# Keine Umlaute im Dos Fenster



## tuttle64 (2. Okt 2012)

Wenn ich folgende Anweisung innerhalb von Eclipse laufen lassen, dann werden die Umlaute korrekt ausgegeben. 


```
System.out.println("Umlaute: äöü");
```

Rufe ich die Klasse direkt über ein Konsolenfenster auf, erscheint



> Umlaute: õ÷³



Wie kriege ich es hin, dass die Umlaute richtig erscheinen?


----------



## TryToHelp (2. Okt 2012)

Hi,
ich meine man kann bei Strings bei der Erstellung angeben in welchem Format sie sind. Und dann müsste es gehen.


```
String myString=new String(utf8, "UTF-8");
```

String()

Wenn du da dann den richtigen Charset angibst müsste es richtig ausgegeben werden.


----------



## Ikaron (2. Okt 2012)

Ich geh einfach mal davon aus, dass das nicht geht.. Sonst könntest du einfach alle Symbole von 0-255 ausgeben im Fenster und dir dann eine Art Lookup-Table schreiben, immer mit nem char z.B. 'ä' als key und einem char, der in der Kommandozeile als 'ä' ausgegeben wird.. Ist es aber IMHO nicht wert. Sonst könntest du dir noch eine eigene Konsole programmieren, mit JFrame, JTextArea usw.. Ist aber dadurch nicht mit allem kompatibel, da manche ja System.out verwenden, und das kann man ja nicht so leicht umlenken (€dit: Tatsache, die lassen sich leicht umstellen)

TryToHelp: Deine Lösung funktioniert nicht mit UTF-8 - Das wird dann als "?" dargestellt..


----------



## bone2 (2. Okt 2012)

windows standard console kann nur ASCII?!
windows powershell kann mehr


----------



## TryToHelp (2. Okt 2012)

Ich kann dem String ja auc als Format ASCII mitgeben, dann sollte die Ausgabe bei der normalen Konsole alo corecct sein.

Sie mögliche charsets


----------



## bone2 (2. Okt 2012)

was macht er dann? ü weglassen? ausgabe von utf8 geht nicht correct in ascii


----------



## tuttle64 (2. Okt 2012)

Das Problem ist hier nicht Java, sondern bei jeder Software, die Output über die Konsole generiert z.B. den Oracle Listener mit der Eingabe status:



> hat 1 Handler f³r diesen Dienst...



Ist ja echt ätzend! Ich werde es einmal mit der PowerShell versuchen und berichten.


----------



## troll (2. Okt 2012)

CMD.exe und auch die PowerShell laufen beide mit CP850 ... windows verwendet CP1252 ... und java nun mal UTF-8 ... ergo : ENCONDING FEHLER !

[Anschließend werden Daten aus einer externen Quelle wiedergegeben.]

Lemma bunch_extend (M : Type) G (x : (nat -> rat) -> M) :
  bprec_strict (Bunch G x) (Bunch (rcons G (bnd G)) x).
Proof.
split; last first.
  exists (bnd G); rewrite /= mem_rcons in_cons eqxx; split => //.
  by apply/negP => /bnd_gt; rewrite ltnn.
split=> //=; split=> [x' xG|a b aG]; first by rewrite mem_rcons in_cons xG orbT.
rewrite mem_rcons in_cons => /orP [/eqP ->|//] ba.
by have := bnd_gt aG; rewrite ltnNge (ltnW ba).
Qed.

Lemma VMQC_mono (R : realType) (M : Type) (d : M -> M -> R) (C C' : R) chi :
  0 < C -> C <= C' -> VMQC d C chi -> VMQC d C' chi.
Proof.
move=> C0 CC' V f g hf hg; have [h1 h2] := V f g hf hg.
have q0 : 0 <= qdist R f g by apply: supnorm_ge0.
have C'0 : 0 < C' by apply: lt_le_trans CC'.
split; last by apply: le_trans h2 _; apply: ler_wpM2r.
by apply: le_trans h1; apply: ler_wpM2r => //; rewrite lef_pV2 ?posrE.
Qed.

Section EasyDirection.
Variables (R : realType) (M : Type) (d : M -> M -> R).

Lemma in_c0_QG G (f : nat -> rat) : in_QG G f -> in_c0 (fun n => (ratr (f n) : R)).
Proof. by move=> hf e e0; exists (bnd G) => n hn; rewrite (in_QG_zero hf hn) rmorph0 normr0. Qed.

es ist NICHT möglich utf-8 sonderzeichen *was der compiler aus "äöü" macht* korrekt auf nem win-terminal auszugeben ...


----------



## bone2 (2. Okt 2012)

font geändert und





soviel zu nicht möglich


----------



## tuttle64 (2. Okt 2012)

bone2 hat gesagt.:


> font geändert und
> 
> 
> 
> ...



Innerhalb von Java klappt es mit UTF-8 und chcp 65000. Schön wäre es, wenn es bei anderen Programmen auch funktioniert zB. bei Oracle erhalte ich mit status beim  lsnrctl.exe immer noch



> Der Befehl wurde erfolgreich ausgefⁿhrt.



Sofern ich eine Lösung finde, werde ich diese hier posten.


----------



## bone2 (2. Okt 2012)

probier mal 65001, das oracle nutzt wohl ein anderes encoding

Code page - Wikipedia, the free encyclopedia

bzw öffnet oracle seine console selber, oder machst du sei vorher auf und startest dann oracle in der console? (nach chcp xy)


----------



## tuttle64 (2. Okt 2012)

bone2 hat gesagt.:


> probier mal 65001, das oracle nutzt wohl ein anderes encoding
> 
> Code page - Wikipedia, the free encyclopedia
> 
> bzw öffnet oracle seine console selber, oder machst du sei vorher auf und startest dann oracle in der console? (nach chcp xy)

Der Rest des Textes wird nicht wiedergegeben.